Exercise requirements → Copy out the lines below that hold the word "exprSr".

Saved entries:
+++++

(* Let $(X,U)$ be a minimizer of Problem 1 and let $(K,H,G,F)$ be the unique solution of $\begin{bmatrix} K & H \\ G & F \end{bmatrix}\begin{bmatrix} X \\ Z \end{bmatrix} = \begin{bmatrix} U \\ V \end{bmatrix}$. Then the dynamic state feedback $z(t+1)=Fz(t)+Gx(t)$, $u(t)=Hz(t)+Kx(t)$ is an $N$-step deadbeat controller for the plant $x(t+1)=Ax(t)+Bu(t)$: the closed-loop matrix $\mathcal{A}_{cl}=\begin{bmatrix}A+BK & BH\\ G & F\end{bmatrix}$ is nilpotent with $\mathcal{A}_{cl}^N=0$ (all its eigenvalues are $0$), so that for every initial state $(x(0),z(0))$ the closed-loop state satisfies $(x(t),z(t))=0$ for all $t\ge N$.
   Context: Plant: $x(t+1)=Ax(t)+Bu(t)$, $y(t)=Cx(t)+Du(t)$ with $x\in\mathbb{R}^n$, $u\in\mathbb{R}^m$, $y\in\mathbb{R}^p$, $(A,B)$ reachable, horizon $N\ge 2$. $P\in\mathbb{R}^{N\times N}$ is the nilpotent shift matrix $P=\begin{bmatrix}0 & 0\\ I_{N-1} & 0\end{bmatrix}$; $\otimes$ is the Kronecker product; $\mathrm{e}_1\in\mathbb{R}^N$ is the first standard basis vector; $\|W\|_1=\sum_{i,j}|w_{ij}|$; $\mathrm{abs}(W)$ is entrywise absolute value; $\mathbf{1}_k$ is the all-ones vector. Given $s\in\mathbb{R}^p$, Problem 1 is: minimize $\|U\|_1$ over $X\in\mathbb{R}^{n\times nN}$, $U\in\mathbb{R}^{m\times nN}$ subject to $AX+BU=X(P\otimes I_n)$, $X(\mathrm{e}_1\otimes I_n)=I_n$, and $\mathrm{abs}(CX+DU)\le s(\mathbf{1}_n\otimes\mathbf{1}_N)^\top$ entrywise. $Z=\begin{bmatrix}0_{n(N-1)\times n} & I_{n(N-1)}\end{bmatrix}$, $V=Z(P\otimes I_n)$. *)

From HB Require Import structures.
From mathcomp Require Import all_boot all_order all_algebra.
From mathcomp Require Export mxtens.
Set Implicit Arguments. Unset Strict Implicit. Unset Printing Implicit Defensive.
Import Order.TTheory GRing.Theory Num.Theory.
Local Open Scope ring_scope.

Section Defs.
Variable R : realFieldType.

Definition reachable (n m : nat) (A : 'M[R]_n) (B : 'M[R]_(n, m)) : bool :=
  \rank (\mxrow_(i < n) (A ^+ i *m B)) == n.

Definition shiftP (N : nat) : 'M[R]_N := \matrix_(i, j) ((i : nat) == (j : nat).+1)%N%:R.

Definition e1 (N : nat) : 'cV[R]_N := \col_i ((i : nat) == 0%N)%:R.

(* Z = [0_{n(N-1) x n}  I_{n(N-1)}] : R^{n(N-1) x nN} *)
Definition Zmx (n N : nat) : 'M[R]_(n * (N - 1), N * n) :=
  \matrix_(i, j) ((j : nat) == (i : nat) + n)%N%:R.

Definition Vmx (n N : nat) : 'M[R]_(n * (N - 1), N * n) :=
  Zmx n N *m (tensmx (shiftP N) (1%:M : 'M[R]_n)).

Definition norm1 (p q : nat) (W : 'M[R]_(p, q)) : R := \sum_i \sum_j `|W i j|.

Definition feasible1 (n m p N : nat) (A : 'M[R]_n) (B : 'M[R]_(n, m))
  (C : 'M[R]_(p, n)) (D : 'M[R]_(p, m)) (s : 'cV[R]_p)
  (X : 'M[R]_(n, N * n)) (U : 'M[R]_(m, N * n)) : Prop :=
  [/\ A *m X + B *m U = X *m tensmx (shiftP N) (1%:M : 'M[R]_n),
      X *m castmx (erefl, mul1n n) (tensmx (e1 N) (1%:M : 'M[R]_n)) = 1%:M
    & forall i j, `|(C *m X + D *m U) i j| <= s i 0].

Definition minimizer1 (n m p N : nat) (A : 'M[R]_n) (B : 'M[R]_(n, m))
  (C : 'M[R]_(p, n)) (D : 'M[R]_(p, m)) (s : 'cV[R]_p)
  (X : 'M[R]_(n, N * n)) (U : 'M[R]_(m, N * n)) : Prop :=
  feasible1 A B C D s X U /\
  forall (X' : 'M[R]_(n, N * n)) (U' : 'M[R]_(m, N * n)), feasible1 A B C D s X' U' -> norm1 U <= norm1 U'.

End Defs.

From HB Require Import structures.
From mathcomp Require Import all_boot all_order all_algebra.
From mathcomp Require Import mxtens.
Set Implicit Arguments. Unset Strict Implicit. Unset Printing Implicit Defensive.
Import Order.TTheory GRing.Theory Num.Theory.
Local Open Scope ring_scope.

(* Write S := P (x) I_n for the block shift and M := [X; Z] for the stacked
   matrix built from a feasible X.  The constraint A X + B U = X S together
   with the defining equations K X + H Z = U and G X + F Z = V = Z S gives the
   intertwining relation  Acl M = M S.  Hence Acl^N M = M S^N = 0, because the
   shift P, and thus S, is nilpotent of index N.  Finally M has a right inverse
   (X e_1-block = I, Z selects the last n(N-1) coordinates), so M is row-free
   and Acl^N M = 0 forces Acl^N = 0.  Nilpotency then yields that every
   eigenvalue of Acl is 0 and that every closed-loop trajectory, being
   w(t) = Acl^t w(0), vanishes from time N on. *)

Section DeltaSums.
Variable R : pzSemiRingType.

Lemma sum_delta k (f : 'I_k -> R) c (lt_ck : (c < k)%N) :
  \sum_(l < k) f l * ((l : nat) == c)%:R = f (Ordinal lt_ck).
Proof.
rewrite (bigD1 (Ordinal lt_ck)) //= eqxx mulr1 big1 ?addr0 // => l.
by rewrite -val_eqE /= => /negbTE ->; rewrite mulr0.
Qed.

Lemma sum_delta_out k (f : 'I_k -> R) c (le_kc : (k <= c)%N) :
  \sum_(l < k) f l * ((l : nat) == c)%:R = 0.
Proof.
rewrite big1 // => l _.
have /negbTE -> : (l : nat) != c by rewrite neq_ltn (leq_trans (ltn_ord l) le_kc).
by rewrite mulr0.
Qed.

End DeltaSums.

Section RingMatrixFacts.
Variable R : comPzRingType.

Lemma tensmx_expS m n (A : 'M[R]_m) (B : 'M[R]_n) k :
  (A *t B) ^+ k.+1 = (A ^+ k.+1) *t (B ^+ k.+1).
Proof.
elim: k => [|k IH]; first by rewrite !expr1.
by rewrite exprSr -mulmxE IH tensmx_mul !mulmxE -!exprSr.
Qed.

Lemma intertwine_exp p q (A : 'M[R]_p) (S : 'M[R]_q) (M : 'M[R]_(p, q)) k :
  A *m M = M *m S -> A ^+ k *m M = M *m S ^+ k.
Proof.
move=> AM; elim: k => [|k IH]; first by rewrite !expr0 mul1mx mulmx1.
by rewrite !exprSr -!mulmxE -mulmxA AM mulmxA IH mulmxA.
Qed.

Lemma nilpotent_trajectory p (A : 'M[R]_p) k (w : nat -> 'cV[R]_p) :
  A ^+ k = 0 -> (forall t, w t.+1 = A *m w t) ->
  forall t, (k <= t)%N -> w t = 0.
Proof.
move=> Ak step.
have wE t : w t = A ^+ t *m w 0%N.
  elim: t => [|t IH]; first by rewrite expr0 mul1mx.
  by rewrite step IH exprS -mulmxE mulmxA.
by move=> t /subnK <-; rewrite wE exprD Ak mulr0 mul0mx.
Qed.

End RingMatrixFacts.

Section FieldMatrixFacts.
Variable F : fieldType.

Lemma intertwine_nilpotent p q (A : 'M[F]_p) (S : 'M[F]_q) (M : 'M[F]_(p, q)) k :
  row_free M -> A *m M = M *m S -> S ^+ k = 0 -> A ^+ k = 0.
Proof.
move=> freeM AM Sk; apply/eqP; rewrite -(mulmx_free_eq0 _ freeM).
by rewrite (intertwine_exp k AM) Sk mulmx0.
Qed.

Lemma nilpotent_eigenvalue p (A : 'M[F]_p) k a :
  A ^+ k = 0 -> eigenvalue A a -> a = 0.
Proof.
move=> Ak /eigenvalueP [v vA nz_v].
have vAk j : v *m A ^+ j = a ^+ j *: v.
  elim: j => [|j IH]; first by rewrite !expr0 mulmx1 scale1r.
  by rewrite exprSr -mulmxE mulmxA IH -scalemxAl vA scalerA -exprSr.
move: (vAk k); rewrite Ak mulmx0 => /esym/eqP.
by rewrite scaler_eq0 (negbTE nz_v) orbF expf_eq0 => /andP [_ /eqP].
Qed.

End FieldMatrixFacts.

Section ProblemMatrices.
Variables (R : realFieldType) (n N : nat).

Lemma shiftP_exp k :
  shiftP R N ^+ k = \matrix_(i, j) ((i : nat) == j + k)%N%:R.
Proof.
elim: k => [|k IH]; apply/matrixP => i j; first by rewrite expr0 !mxE addn0.
rewrite exprSr -mulmxE IH !mxE.
under eq_bigr => l _ do rewrite !mxE.
case: (ltnP j.+1 N) => [lt_jN | le_Nj].
  by rewrite sum_delta /= addSnnS.
rewrite sum_delta_out //.
have /negbTE -> // : (i : nat) != (j + k.+1)%N.
by rewrite neq_ltn (leq_trans (ltn_ord i)) // (leq_trans le_Nj) // -addSnnS leq_addr.
Qed.

Lemma shiftP_nilpotent : shiftP R N ^+ N = 0.
Proof.
apply/matrixP => i j; rewrite shiftP_exp !mxE.
by have /negbTE -> : (i : nat) != (j + N)%N by rewrite neq_ltn ltn_addl.
Qed.

Lemma block_shift_nilpotent :
  (0 < N)%N -> tensmx (shiftP R N) (1%:M : 'M[R]_n) ^+ N = 0.
Proof.
by case: N shiftP_nilpotent => // N' PN _; rewrite tensmx_expS PN tens0mx.
Qed.

Notation E1 := (castmx (erefl, mul1n n) (tensmx (e1 R N) (1%:M : 'M[R]_n))).

Lemma e1_block_entry (j : 'I_(N * n)) (k : 'I_n) : E1 j k = ((j : nat) == k)%:R.
Proof.
rewrite castmxE !mxE /= -val_eqE /= (modn_small (ltn_ord k)).
case: (ltnP j n) => [lt_jn | le_nj].
  by rewrite divn_small // modn_small // eqxx mul1r.
have -> : (j %/ n == 0)%N = false.
  by apply/negbTE; rewrite -lt0n divn_gt0 // (leq_ltn_trans (leq0n k) (ltn_ord k)).
have /negbTE -> : (j : nat) != k by rewrite neq_ltn (leq_trans (ltn_ord k) le_nj) orbT.
by rewrite mul0r.
Qed.

Lemma Zmx_index_lt (i : 'I_(n * (N - 1))) : (i + n < N * n)%N.
Proof.
move: (nat_of_ord i) (ltn_ord i) => j; case: N => [|N']; first by rewrite muln0.
by rewrite subSS subn0 mulSnr ltn_add2r mulnC.
Qed.

Lemma Zmx_e1 : Zmx R n N *m E1 = 0.
Proof.
apply/matrixP => i k; rewrite !mxE.
under eq_bigr => j _ do rewrite e1_block_entry mxE mulrC.
rewrite (sum_delta _ (Zmx_index_lt i)) /=.
by have /negbTE -> : (i + n)%N != k by rewrite neq_ltn ltn_addl ?orbT.
Qed.

Lemma Zmx_coisometry : Zmx R n N *m (Zmx R n N)^T = 1%:M.
Proof.
apply/matrixP => i k; rewrite !mxE.
under eq_bigr => j _ do rewrite !mxE mulrC.
by rewrite (sum_delta _ (Zmx_index_lt i)) /= eqn_add2r.
Qed.

Lemma stacked_row_free (X : 'M[R]_(n, N * n)) :
  X *m E1 = 1%:M -> row_free (col_mx X (Zmx R n N)).
Proof.
move=> XE; apply/row_freeP; set Z := Zmx R n N.
exists (row_mx E1 (Z^T - E1 *m X *m Z^T)).
rewrite mul_col_row !mulmxBr !mulmxA XE Zmx_e1 Zmx_coisometry.
by rewrite mul1mx subrr !mul0mx subr0 -scalar_mx_block.
Qed.

End ProblemMatrices.

Section ClosedLoop.
Variables (R : realFieldType) (n m k : nat).
Variables (A : 'M[R]_n) (B : 'M[R]_(n, m)).
Variables (K : 'M[R]_(m, n)) (H : 'M[R]_(m, k)) (G : 'M[R]_(k, n)) (F : 'M[R]_k).

Let Acl := block_mx (A + B *m K) (B *m H) G F.

Lemma closed_loop_intertwine q (X : 'M[R]_(n, q)) (U : 'M[R]_(m, q))
    (Z : 'M[R]_(k, q)) (S : 'M[R]_q) :
  A *m X + B *m U = X *m S ->
  block_mx K H G F *m col_mx X Z = col_mx U (Z *m S) ->
  Acl *m col_mx X Z = col_mx X Z *m S.
Proof.
move=> plant; rewrite !mul_block_col mul_col_mx => /eq_col_mx [KU GV].
by rewrite mulmxDl -!mulmxA -addrA -mulmxDr KU plant GV.
Qed.

Lemma closed_loop_step (x : 'cV[R]_n) (z : 'cV[R]_k) :
  col_mx (A *m x + B *m (H *m z + K *m x)) (F *m z + G *m x) =
  Acl *m col_mx x z.
Proof.
rewrite mul_block_col mulmxDl mulmxDr !mulmxA; congr col_mx; last exact: addrC.
by rewrite [B *m H *m z + _]addrC addrA.
Qed.

End ClosedLoop.

Theorem corollary2 (R : realFieldType) (n m p N : nat)
  (A : 'M[R]_n) (B : 'M[R]_(n, m)) (C : 'M[R]_(p, n)) (D : 'M[R]_(p, m))
  (s : 'cV[R]_p) (X : 'M[R]_(n, N * n)) (U : 'M[R]_(m, N * n))
  (K : 'M[R]_(m, n)) (H : 'M[R]_(m, n * (N - 1)))
  (G : 'M[R]_(n * (N - 1), n)) (F : 'M[R]_(n * (N - 1))) :
  (2 <= N)%N ->
  reachable A B ->
  minimizer1 A B C D s X U ->
  block_mx K H G F *m col_mx X (Zmx R n N) = col_mx U (Vmx R n N) ->
  let Acl := block_mx (A + B *m K) (B *m H) G F in
  [/\ Acl ^+ N = 0,
      (forall a : R, eigenvalue Acl a -> a = 0)
    & forall (x : nat -> 'cV[R]_n) (z : nat -> 'cV[R]_(n * (N - 1)))
             (u : nat -> 'cV[R]_m),
        (forall t, x t.+1 = A *m x t + B *m u t) ->
        (forall t, z t.+1 = F *m z t + G *m x t) ->
        (forall t, u t = H *m z t + K *m x t) ->
        forall t, (N <= t)%N -> x t = 0 /\ z t = 0].
Proof.
(* Only feasibility of (X, U) is used; V = Z S holds by definition. *)
move=> le2N _ [[plant XE1 _] _] ctrl Acl.
have AclN : Acl ^+ N = 0.
  apply: (intertwine_nilpotent (stacked_row_free XE1)).
    exact: closed_loop_intertwine plant ctrl.
  by apply: block_shift_nilpotent; apply: ltn_trans le2N.
split=> [//||x z u xstep zstep uE t leNt].
  by move=> a; apply: nilpotent_eigenvalue AclN.
have step t' : col_mx (x t'.+1) (z t'.+1) = Acl *m col_mx (x t') (z t').
  by rewrite xstep zstep uE closed_loop_step.
move/eqP: (nilpotent_trajectory AclN step leNt).
by rewrite col_mx_eq0 => /andP [/eqP -> /eqP ->].
Qed.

+++++

Result below →
by rewrite exprSr -mulmxE IH tensmx_mul !mulmxE -!exprSr.
by rewrite !exprSr -!mulmxE -mulmxA AM mulmxA IH mulmxA.
  by rewrite exprSr -mulmxE mulmxA IH -scalemxAl vA scalerA -exprSr.
rewrite exprSr -mulmxE IH !mxE.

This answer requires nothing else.